(* Let $\mathbf{Y}\sim\mathcal{MMN}_p(\boldsymbol{\xi},\mathbf{\Omega},\boldsymbol{\delta};H)$. Then there exists a $p\times p$ matrix $\mathbf{A}_*$ such that $\mathbf{Z}^*=\mathbf{A}_*(\mathbf{Y}-\boldsymbol{\xi})\sim\mathcal{MMN}_p(\mathbf{0},\mathbf{I}_p,\boldsymbol{\delta}_{\mathbf{Z}^*};H)$ with $\boldsymbol{\delta}_{\mathbf{Z}^*}=(\delta_*,0,\dots,0)^\top$, where $\delta_*=(\boldsymbol{\delta}^\top\overline{\mathbf{\Omega}}^{-1}\boldsymbol{\delta})^{1/2}$; in particular at most one component of $\boldsymbol{\delta}_{\mathbf{Z}^*}$ is nonzero.
   Context: For $d\ge1$, $\boldsymbol{\xi}\in\mathbb{R}^d$, a $d\times d$ symmetric positive definite $\mathbf{\Omega}$, put $\boldsymbol{\omega}=\mathrm{diag}(\mathbf{\Omega}_{11}^{1/2},\dots,\mathbf{\Omega}_{dd}^{1/2})$ and $\overline{\mathbf{\Omega}}=\boldsymbol{\omega}^{-1}\mathbf{\Omega}\boldsymbol{\omega}^{-1}$; let $\boldsymbol{\delta}\in\mathbb{R}^d$ with $\overline{\mathbf{\Omega}}-\boldsymbol{\delta}\boldsymbol{\delta}^\top$ positive definite. For a real random variable $U$ with CDF $H$ and $\mathbf{Z}\sim\mathcal{N}_d(\mathbf{0},\overline{\mathbf{\Omega}}-\boldsymbol{\delta}\boldsymbol{\delta}^\top)$ independent of $U$, the law of $\boldsymbol{\xi}+\boldsymbol{\omega}(\boldsymbol{\delta}U+\mathbf{Z})$ is denoted $\mathcal{MMN}_d(\boldsymbol{\xi},\mathbf{\Omega},\boldsymbol{\delta};H)$. *)

From HB Require Import structures.
From mathcomp Require Import all_boot all_order all_algebra.
From mathcomp Require Import all_classical all_reals all_analysis.
Set Implicit Arguments. Unset Strict Implicit. Unset Printing Implicit Defensive.
Import Order.TTheory GRing.Theory Num.Theory.
Local Open Scope classical_set_scope.
Local Open Scope ring_scope.

Section MMN.
Context {R : realType}.

Definition posdef n (M : 'M[R]_n) : Prop :=
  M^T = M /\ forall v : 'cV[R]_n, v != 0 -> 0 < (v^T *m M *m v) 0 0.

Definition omega_of n (Om : 'M[R]_n) : 'M[R]_n :=
  diag_mx (\row_i Num.sqrt (Om i i)).

Definition Ombar n (Om : 'M[R]_n) : 'M[R]_n :=
  invmx (omega_of Om) *m Om *m invmx (omega_of Om).

(* Borel sigma-algebra on R^n (column vectors), generated by the coordinates. *)
Definition vmeasurable n : set (set 'cV[R]_n) :=
  <<s [set A | exists (i : 'I_n) (B : set R),
         measurable B /\ A = (fun x : 'cV[R]_n => x i 0) @^-1` B] >>.

Definition random_vector d (T : measurableType d) n (X : T -> 'cV[R]_n) : Prop :=
  forall i : 'I_n, measurable_fun setT (fun w => X w i 0).

(* Z ~ N_n(0, Sigma) (Sigma positive definite), via the standard definition:
   every nonzero linear combination t^T Z is N(0, t^T Sigma t). *)
Definition centered_gaussian d (T : measurableType d) (P : probability T R)
    n (Sigma : 'M[R]_n) (Z : T -> 'cV[R]_n) : Prop :=
  random_vector Z /\
  forall t : 'cV[R]_n, t != 0 -> forall A : set R, measurable A ->
    P ((fun w => (t^T *m Z w) 0 0) @^-1` A) =
    normal_prob 0 (Num.sqrt ((t^T *m Sigma *m t) 0 0)) A.

Definition indep_rv_vec d (T : measurableType d) (P : probability T R)
    n (U : T -> R) (Z : T -> 'cV[R]_n) : Prop :=
  forall (A : set R) (B : set 'cV[R]_n), measurable A -> vmeasurable B ->
    P (U @^-1` A `&` Z @^-1` B) = (P (U @^-1` A) * P (Z @^-1` B))%E.

(* Y ~ MMN_n(xi, Omega, delta; H): Y is a random vector on (T,P) whose law
   equals the law of xi + omega (delta U + Z) for some U with CDF H and
   Z ~ N_n(0, Omegabar - delta delta^T) independent of U (defined on some
   probability space). *)
Definition MMN d (T : measurableType d) (P : probability T R) n
    (xi : 'cV[R]_n) (Om : 'M[R]_n) (delta : 'cV[R]_n) (H : R -> R)
    (Y : T -> 'cV[R]_n) : Prop :=
  posdef Om /\ posdef (Ombar Om - delta *m delta^T) /\ random_vector Y /\
  exists (d' : measure_display) (T' : measurableType d') (P' : probability T' R)
         (U : T' -> R) (Z : T' -> 'cV[R]_n),
    measurable_fun setT U /\
    (forall x : R, P' [set w | U w <= x] = (H x)%:E) /\
    centered_gaussian P' (Ombar Om - delta *m delta^T) Z /\
    indep_rv_vec P' U Z /\
    forall B : set 'cV[R]_n, vmeasurable B ->
      P (Y @^-1` B) =
      P' ((fun w => xi + omega_of Om *m (U w *: delta + Z w)) @^-1` B).

Definition first_coord_vec n (x : R) : 'cV[R]_n :=
  \col_(i < n) (if val i == 0%N then x else 0).

End MMN.

From HB Require Import structures.
From mathcomp Require Import all_boot all_order all_algebra.
From mathcomp Require Import all_classical all_reals all_analysis measurable_realfun.
From mathcomp Require Import ring.
Import Order.TTheory GRing.Theory Num.Theory.
Local Open Scope ring_scope.
Set Implicit Arguments. Unset Strict Implicit.

(* Since [Omegabar] is positive definite, reducing it by
   Schur complements gives [B] with [B Omegabar B^T = I]; composing with a
   Householder reflection puts [B delta] on the first axis, and its length is
   [(delta^T Omegabar^-1 delta)^(1/2)] because [Omegabar^-1 = B^T B].  The map
   [A = B omega^-1] sends [xi + omega (delta U + Z) - xi] to
   [(B delta) U + B Z], where [B Z] is centered Gaussian with covariance
   [I - (B delta)(B delta)^T] and is still independent of [U]. *)

Section VectorDot.
Context {R : realType}.

Definition vdot n (u v : 'cV[R]_n) : R := (u^T *m v) 0 0.

Lemma vdotE n (u v : 'cV[R]_n) : u^T *m v = (vdot u v)%:M.
Proof. exact: mx11_scalar. Qed.

Lemma vdotC n (u v : 'cV[R]_n) : vdot u v = vdot v u.
Proof. by rewrite /vdot -[u in RHS]trmxK -trmx_mul [in RHS]mxE. Qed.

Lemma vdotBl n (u v w : 'cV[R]_n) : vdot (u - v) w = vdot u w - vdot v w.
Proof. by rewrite /vdot linearB /= mulmxBl !mxE. Qed.

Lemma vdotZl n a (u w : 'cV[R]_n) : vdot (a *: u) w = a * vdot u w.
Proof. by rewrite /vdot linearZ /= -scalemxAl mxE. Qed.

Lemma vdot_sqr n (v : 'cV[R]_n) : vdot v v = \sum_i v i 0 ^+ 2.
Proof. by rewrite /vdot mxE; apply: eq_bigr => i _; rewrite mxE expr2. Qed.

Lemma vdot_ge0 n (v : 'cV[R]_n) : 0 <= vdot v v.
Proof. by rewrite vdot_sqr; apply: sumr_ge0 => i _; exact: sqr_ge0. Qed.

* What is needed: Within the listing above, give again exactly every line from the line with "(Y : T -> 'cV[R]_n)" through the line with "From mathcomp Require Import ring.", both included, and no other line.

* Response area:
    (Y : T -> 'cV[R]_n) : Prop :=
  posdef Om /\ posdef (Ombar Om - delta *m delta^T) /\ random_vector Y /\
  exists (d' : measure_display) (T' : measurableType d') (P' : probability T' R)
         (U : T' -> R) (Z : T' -> 'cV[R]_n),
    measurable_fun setT U /\
    (forall x : R, P' [set w | U w <= x] = (H x)%:E) /\
    centered_gaussian P' (Ombar Om - delta *m delta^T) Z /\
    indep_rv_vec P' U Z /\
    forall B : set 'cV[R]_n, vmeasurable B ->
      P (Y @^-1` B) =
      P' ((fun w => xi + omega_of Om *m (U w *: delta + Z w)) @^-1` B).

Definition first_coord_vec n (x : R) : 'cV[R]_n :=
  \col_(i < n) (if val i == 0%N then x else 0).

End MMN.

From HB Require Import structures.
From mathcomp Require Import all_boot all_order all_algebra.
From mathcomp Require Import all_classical all_reals all_analysis measurable_realfun.
From mathcomp Require Import ring.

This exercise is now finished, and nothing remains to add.